It is a common and good practice among DJs to create and divide playlists by mood (aggressive, soulful, melancholy) and energy (slow, medium, fast) rather than by music genre. In this way, the DJ is making a trade-off between the smooth, clean transition between tracks and his/her performance in terms of creating a natural mix of tracks that expresses a specific style and brings its own energy. Good DJs are able to provide a seamless and perceptually smooth transition between two tracks, thus making a mix of different tracks sound like a single flowing one.
Maybe one of the most difficult tasks that DJs face is smooth transitioning between songs from a different genre. As I mentioned before, this is necessary in order to create a playlist that will express a certain mood or emotion rather than just creating a list of same-genre songs carrying no energy altogether.
Recent work in machine learning (or more specifically deep learning), has given some answers and has provided useful methods for solving the problem of smooth transitioning between tracks of a different genre. In fact, Tijn Borghuis et al., propose a generative method that generates drum patterns which can be used to seamlessly transition different-genre tracks in the electronic dance music domain.
How it Works
The method is based on deep learning, utilizing Variational Autoencoders (VAEs) and interpolation in the latent space.

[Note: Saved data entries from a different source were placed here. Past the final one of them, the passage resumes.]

Lemma norm_angle (a b : C) : `|a| ^+ 2 + `|b| ^+ 2 = 1 ->
  exists th : R, [/\ 0 <= th <= pi / 2, (cos th)%:C = `|a| & (sin th)%:C = `|b|].
Proof.
move=> ab1.
have Re_norm_ge0 (z : C) : 0 <= complex.Re `|z| by rewrite -ler0c -norm_real.
have /complexI : ((complex.Re `|a|) ^+ 2 + (complex.Re `|b|) ^+ 2)%:C = 1 :> C.
  by rewrite rmorphD !rmorphXn -ab1; congr (_ ^+ 2 + _ ^+ 2); symmetry; apply: norm_real.
move=> {}ab1; have [th [th_range cos_th sin_th]] :=
  quarter_circle_angle (Re_norm_ge0 a) (Re_norm_ge0 b) ab1.
by exists th; rewrite cos_th sin_th -!norm_real.
Qed.

Lemma half_circle_angle (w : C) : `|w| = 1 ->
  exists xi : R, 0 <= xi <= pi /\ (expi xi = w \/ expi xi = w^*).
Proof.
case: w => p q w1.
have pq1 : p ^+ 2 + q ^+ 2 = 1.
  by apply: complexI; rewrite (add_Re2_Im2 (p +i* q)%C) w1 expr1n.
have p1 : -1 <= p <= 1 by apply/andP; split; nra.
have hcos : cos (acos p) = p by apply: acosK; rewrite in_itv.
have hsin : sin (acos p) = `|q| by rewrite sin_acos // -pq1 addrC addKr sqrtr_sqr.
exists (acos p); split; first by rewrite acos_ge0 ?acos_lepi.
rewrite /expi hcos hsin.
by case: (lerP 0 q) => q0; [left; rewrite ger0_norm | right; rewrite ltr0_norm].
Qed.
(* For every $\xi\in\mathbb R^3\setminus\{0\}$, all eigenvalues of the matrix $$A(\xi)=\begin{pmatrix}0&|\xi|&0&0\\-|\xi|&\nu|\xi|^2&-|\xi|&-\frac{1}{3\mathcal C}|\xi|\\0&\frac23|\xi|&\frac23\kappa|\xi|^2+\frac{2\gamma}{3}&-\frac23 b_0\\0&0&-\mathcal C\gamma&a|\xi|^2+\mathcal Cb_0\end{pmatrix}$$ have strictly positive real part. Equivalently, writing $\varrho=|\xi|$ and $\det(A-\lambda I)=\lambda^4-a_1\lambda^3+a_2\lambda^2-a_3\lambda+a_4$, one has $a_1>0$, $A_2:=a_1a_2-a_3>0$ and $A_3:=a_3(a_1a_2-a_3)-a_1^2a_4>0$ for all $\varrho>0$, where $$a_1=(a+\tfrac23\kappa+\nu)\varrho^2+\tfrac{2\gamma}{3}+\mathcal Cb_0,$$ $$a_2=\Big[(\nu a+\tfrac23\nu\kappa+\tfrac23a\kappa)\varrho^2+\tfrac{2\gamma\nu}{3}+\mathcal Cb_0\nu+\tfrac{2\gamma a}{3}+\tfrac{2\kappa\mathcal Cb_0}{3}+\tfrac53\Big]\varrho^2,$$ $$a_3=\Big[\tfrac23a\kappa\nu\varrho^4+\big(\tfrac{2(\gamma a+\kappa\mathcal Cb_0)\nu}{3}+\tfrac{5a}{3}+\tfrac{2\kappa}{3}\big)\varrho^2+\tfrac53\mathcal Cb_0+\tfrac{8\gamma}{9}\Big]\varrho^2,$$ $$a_4=\tfrac23\big(a\kappa\varrho^2+a\gamma+\kappa\mathcal Cb_0\big)\varrho^4.$$
   Context: Constants: $\mathcal C,\mathcal L,\sigma_a,\sigma_s>0$, $\mu>0$, $\lambda=\zeta-\frac23\mu$ with $\zeta\ge0$, $\kappa>0$, $b'(1)>0$ (derivative at $1$ of a given smooth function $b$). Set $\nu=\lambda+2\mu$, $\gamma=\mathcal L\sigma_a b'(1)$, $a=\frac{\mathcal C}{3\mathcal L(\sigma_a+\sigma_s)}$, $b_0=\mathcal L\sigma_a$. The matrix $A(\xi)$ is the Fourier symbol of the linearized (compressible part of the) diffusion approximation radiation hydrodynamics system in the variables $(\hat\rho,\hat d,\hat\theta,\hat j_0)$ with $d=\Lambda^{-1}\mathrm{div}\,u$, $\Lambda=(-\Delta)^{1/2}$. *)

From HB Require Import structures.
From mathcomp Require Import all_boot all_order all_algebra.
From mathcomp.real_closed Require Import complex.
Set Implicit Arguments. Unset Strict Implicit. Unset Printing Implicit Defensive.
Import Order.TTheory GRing.Theory Num.Theory.
Local Open Scope ring_scope.

Record rhd_params (R : rcfType) := RhdParams {
  pC : R; pL : R; psa : R; pss : R; pmu : R; pzeta : R; pkappa : R;
  pdb1 : R (* the value b'(1) *) }.

Section Consts.
Variable R : rcfType.
Variable P : rhd_params R.
Local Notation C := (pC P). Local Notation L := (pL P).
Local Notation sa := (psa P). Local Notation ss := (pss P).
Local Notation mu := (pmu P). Local Notation zeta := (pzeta P).
Local Notation kappa := (pkappa P). Local Notation db1 := (pdb1 P).

Definition lam_c : R := zeta - (2%:R / 3%:R) * mu.
Definition nu_c : R := lam_c + 2%:R * mu.
Definition gamma_c : R := L * sa * db1.
Definition a_c : R := C / (3%:R * L * (sa + ss)).
Definition b0_c : R := L * sa.

(* Entries of A(xi) as functions of rho = |xi| (0-based indices). *)
Definition Aentry (rho : R) (i j : nat) : R :=
  match i, j with
  | 0, 1 => rho
  | 1, 0 => - rho
  | 1, 1 => nu_c * rho ^+ 2
  | 1, 2 => - rho
  | 1, 3 => - (1 / (3%:R * C)) * rho
  | 2, 1 => (2%:R / 3%:R) * rho
  | 2, 2 => (2%:R / 3%:R) * kappa * rho ^+ 2 + 2%:R * gamma_c / 3%:R
  | 2, 3 => - (2%:R / 3%:R) * b0_c
  | 3, 2 => - C * gamma_c
  | 3, 3 => a_c * rho ^+ 2 + C * b0_c
  | _, _ => 0
  end.

Definition Arho (rho : R) : 'M[R]_4 := \matrix_(i < 4, j < 4) Aentry rho i j.

Definition xnorm (xi : 'rV[R]_3) : R := Num.sqrt (\sum_(i < 3) xi 0 i ^+ 2).

Definition Axi (xi : 'rV[R]_3) : 'M[R[i]]_4 := map_mx (fun x => (x%:C)%C) (Arho (xnorm xi)).

Definition coef_a1 (rho : R) : R :=
  (a_c + (2%:R/3%:R) * kappa + nu_c) * rho ^+ 2 + 2%:R * gamma_c / 3%:R + C * b0_c.
Definition coef_a2 (rho : R) : R :=
  ((nu_c * a_c + (2%:R/3%:R) * nu_c * kappa + (2%:R/3%:R) * a_c * kappa) * rho ^+ 2
   + 2%:R * gamma_c * nu_c / 3%:R + C * b0_c * nu_c + 2%:R * gamma_c * a_c / 3%:R
   + 2%:R * kappa * C * b0_c / 3%:R + 5%:R / 3%:R) * rho ^+ 2.
Definition coef_a3 (rho : R) : R :=
  ((2%:R/3%:R) * a_c * kappa * nu_c * rho ^+ 4
   + (2%:R * (gamma_c * a_c + kappa * C * b0_c) * nu_c / 3%:R + 5%:R * a_c / 3%:R
      + 2%:R * kappa / 3%:R) * rho ^+ 2
   + (5%:R/3%:R) * C * b0_c + (8%:R/9%:R) * gamma_c) * rho ^+ 2.
Definition coef_a4 (rho : R) : R :=
  (2%:R/3%:R) * (a_c * kappa * rho ^+ 2 + a_c * gamma_c + kappa * C * b0_c) * rho ^+ 4.

Definition coef_A2 (rho : R) : R := coef_a1 rho * coef_a2 rho - coef_a3 rho.
Definition coef_A3 (rho : R) : R :=
  coef_a3 rho * (coef_a1 rho * coef_a2 rho - coef_a3 rho) - coef_a1 rho ^+ 2 * coef_a4 rho.
End Consts.

From HB Require Import structures.
From mathcomp Require Import all_boot all_order all_algebra.
From mathcomp.real_closed Require Import complex.
From mathcomp Require Import ring lra.
Set Implicit Arguments.
Unset Strict Implicit.
Unset Printing Implicit Defensive.

Import Order.TTheory GRing.Theory Num.Theory.
Local Open Scope ring_scope.

(* For every z,
   |p(-z)|^2 - |p(z)|^2 = 4 Re z * G(z), and G > 0 as soon as a1, a4 and the Hurwitz
   determinants A2 = a1 a2 - a3 and A3 = a3 A2 - a1^2 a4 are positive; so every root of p
   has Re z >= 0, and Re z = 0 is excluded by hand.  After the substitution S = rho^2 / 3,
   A2 and A3 are polynomials with positive coefficients in positive quantities. *)

Lemma horner_char_poly (R : comNzRingType) n (A : 'M[R]_n) (x : R) :
  (char_poly A).[x] = \det (x%:M - A).
Proof.
rewrite /char_poly -horner_evalE -det_map_mx; congr (\det _); apply/matrixP => i j.
by rewrite !mxE rmorphB rmorphMn /= !horner_evalE hornerX hornerC.
Qed.

Lemma det_mx4 (R : comNzRingType) (f : nat -> nat -> R) :
  \det (\matrix_(i < 4, j < 4) f i j) =
    f 0 0 * (f 1 1 * (f 2 2 * f 3 3 - f 2 3 * f 3 2) - f 1 2 * (f 2 1 * f 3 3 - f 2 3 * f 3 1)
             + f 1 3 * (f 2 1 * f 3 2 - f 2 2 * f 3 1))
  - f 0 1 * (f 1 0 * (f 2 2 * f 3 3 - f 2 3 * f 3 2) - f 1 2 * (f 2 0 * f 3 3 - f 2 3 * f 3 0)
             + f 1 3 * (f 2 0 * f 3 2 - f 2 2 * f 3 0))
  + f 0 2 * (f 1 0 * (f 2 1 * f 3 3 - f 2 3 * f 3 1) - f 1 1 * (f 2 0 * f 3 3 - f 2 3 * f 3 0)
             + f 1 3 * (f 2 0 * f 3 1 - f 2 1 * f 3 0))
  - f 0 3 * (f 1 0 * (f 2 1 * f 3 2 - f 2 2 * f 3 1) - f 1 1 * (f 2 0 * f 3 2 - f 2 2 * f 3 0)
             + f 1 2 * (f 2 0 * f 3 1 - f 2 1 * f 3 0)).
Proof.
do 3 rewrite !(expand_det_row _ 0) !big_ord_recl !big_ord0 /cofactor.
by rewrite !det_mx11 !mxE /= /bump /= -!plusE /=; ring.
Qed.

Lemma poly_horner_inj (R : numDomainType) (p q : {poly R}) :
  (forall x, p.[x] = q.[x]) -> p = q.
Proof.
move=> eq_pq; apply/eqP; rewrite -subr_eq0; apply/negPn/negP => nz_pq.
pose s : seq R := [seq i%:R | i <- iota 0 (size (p - q))].
have roots_s : all (root (p - q)) s.
  by apply/allP => x /mapP [i _ ->]; rewrite /root hornerD hornerN eq_pq subrr.
have uniq_s : uniq s.
  by rewrite map_inj_uniq ?iota_uniq // => i j /eqP; rewrite eqr_nat => /eqP.
by have := max_poly_roots nz_pq roots_s uniq_s; rewrite size_map size_iota ltnn.
Qed.

Section HurwitzQuartic.
Variable R : realFieldType.

Definition quartic_Re (a1 a2 a3 a4 x y : R) : R :=
  x ^+ 4 - 6 * x ^+ 2 * y ^+ 2 + y ^+ 4 - a1 * (x ^+ 3 - 3 * x * y ^+ 2)
  + a2 * (x ^+ 2 - y ^+ 2) - a3 * x + a4.
Definition quartic_Im (a1 a2 a3 x y : R) : R :=
  4 * x ^+ 3 * y - 4 * x * y ^+ 3 - a1 * (3 * x ^+ 2 * y - y ^+ 3)
  + a2 * (2 * x * y) - a3 * y.

Definition quartic_gap (a1 a2 a3 a4 u N : R) : R :=
  a3 * a4 + 2 * a1 * a4 * u + (a1 * a2 - a3) * N ^+ 2
  + N * (a2 * a3 - a1 * a4 + 2 * a3 * u + a1 * N ^+ 2).

(* |p(-z)|^2 - |p(z)|^2 = 4 Re z * gap, with u = Re (z^2) and N = |z|^2. *)
Lemma quartic_reflection (a1 a2 a3 a4 x y : R) :
  quartic_Re (- a1) a2 (- a3) a4 x y ^+ 2 + quartic_Im (- a1) a2 (- a3) x y ^+ 2
  - (quartic_Re a1 a2 a3 a4 x y ^+ 2 + quartic_Im a1 a2 a3 x y ^+ 2)
  = 4 * x * quartic_gap a1 a2 a3 a4 (x ^+ 2 - y ^+ 2) (x ^+ 2 + y ^+ 2).
Proof. by rewrite /quartic_Re /quartic_Im /quartic_gap; ring. Qed.

Variables a1 a2 a3 a4 : R.
Hypotheses (a1_gt0 : 0 < a1) (a4_gt0 : 0 < a4)
  (A2_gt0 : 0 < a1 * a2 - a3) (A3_gt0 : 0 < a3 * (a1 * a2 - a3) - a1 ^+ 2 * a4).

Lemma quartic_gap_gt0 (u N : R) : u ^+ 2 <= N ^+ 2 -> 0 <= N ->
  0 < quartic_gap a1 a2 a3 a4 u N.
Proof.
move=> uN N_ge0; have := A3_gt0; have := A2_gt0; set c := a1 * a2 - a3 => c_gt0 A3c_gt0.
have N2u2_ge0 : 0 <= N ^+ 2 - u ^+ 2 by rewrite subr_ge0.
have even_gt0 : 0 < a3 * a4 + 2 * a1 * a4 * u + c * N ^+ 2.
  rewrite -(pmulr_rgt0 _ c_gt0).
  have -> : c * (a3 * a4 + 2 * a1 * a4 * u + c * N ^+ 2) = (c * u + a1 * a4) ^+ 2
      + a4 * (a3 * c - a1 ^+ 2 * a4) + c ^+ 2 * (N ^+ 2 - u ^+ 2) by rewrite /c; ring.
  have := sqr_ge0 (c * u + a1 * a4); have := mulr_gt0 a4_gt0 A3c_gt0.
  have := mulr_ge0 (sqr_ge0 c) N2u2_ge0; lra.
have odd_ge0 : 0 <= N * (a2 * a3 - a1 * a4 + 2 * a3 * u + a1 * N ^+ 2).
  rewrite mulr_ge0 // -(pmulr_rge0 _ a1_gt0).
  have -> : a1 * (a2 * a3 - a1 * a4 + 2 * a3 * u + a1 * N ^+ 2) = (a1 * u + a3) ^+ 2
      + (a3 * c - a1 ^+ 2 * a4) + a1 ^+ 2 * (N ^+ 2 - u ^+ 2) by rewrite /c; ring.
  have := sqr_ge0 (a1 * u + a3); have := mulr_ge0 (sqr_ge0 a1) N2u2_ge0; lra.
by rewrite /quartic_gap -/c; lra.
Qed.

The music data representation, the architecture, as well as the interpolation and the whole method, are explained below.
The authors created a dataset of drum patterns of three popular electronic music genres: Electro, Techno and Intelligent Dance Music (IDM) ending up with 1–1.5 hours of music for each of the three genres to be used for their method. The dataset, in the end, consisted of 1782 drum patterns. Each pattern is represented as a two-dimensional array whose y-axis represents the 6 drum instruments and the x-axis represents the time. Each pattern is given as a 6 x 64 array since all the generated patterns have a length of 64.
The proposed method is taking two music patterns (each one represented as a 6×64 array), it encodes them using an encoder from a learned VAE model, then it interpolates between the latent representations of the two patterns and then decodes both patterns to give smooth transition patterns as output.
The idea behind the proposed method is that interpolation in latent space will provide far better results than interpolation in the pattern (feature) space. But, one might ask what is the reasoning behind this statement. Is it always true? It turns out, it actually is and the answer lies in the theory of deep learning. Interpolating in the latent space works better because of the non-linear mappings from the input to the latent space and from the latent space to the output. In the context of this work, generating a weighted average of two patterns would give the well-known crossfading (gradually lowering the volume of one track while increasing the volume of the other track). It is basically, interpolating in the representation space that is just a linear combination.
The encoder of the Variational Autoencoder described in the paper has three main parts: the input, the recurrent layers which are bi-directional LSTM layers including tanh nonlinearities and fully-connected layers which map the input into a latent representation — a vector of size 4. The decoder, on the other hand, consists only of dense (fully-connected) upsampling layers outputting a reconstruction of the same shape (6×64). The fully-connected layers in the decoder are followed by a ReLU non-linear activation.
This kind of architecture proved to work well enough in the task of generating new music patterns used for transitioning between tracks or for autonomous drumming.
An interesting experiment was done by the authors trying to understand the originality of the generated patterns. They did Principal Component Analysis (PCA) on all of the training patterns plus the generated patterns through interpolation.
They visualize the patterns (both the training and the generated ones) in the space of the first two principal components (which usually preserve a large amount of the variance).
The conclusion is that the interpolation trajectories (the coloured lines in the plot) tend to follow the distribution of the training patterns while including new data points. These data points are the generated patterns that are actually genuinely new and original.
What About The Music?
Well, the authors show that deep learning and especially generative models have enormous potential in the field of music production. From the conducted experiments, they show that their method, as well as deep learning in general, can be efficiently employed in the process of producing music patterns. Moreover, it can support the creation of music flow by generating patterns for transitioning between songs, even from a different genre. They proved that the newly generated patterns are musically appealing and original. Taking into account the speed at which AI is developed and advancing we can conclude that it is just a matter of time when AI will be capable of producing pleasing music even without any human intervention.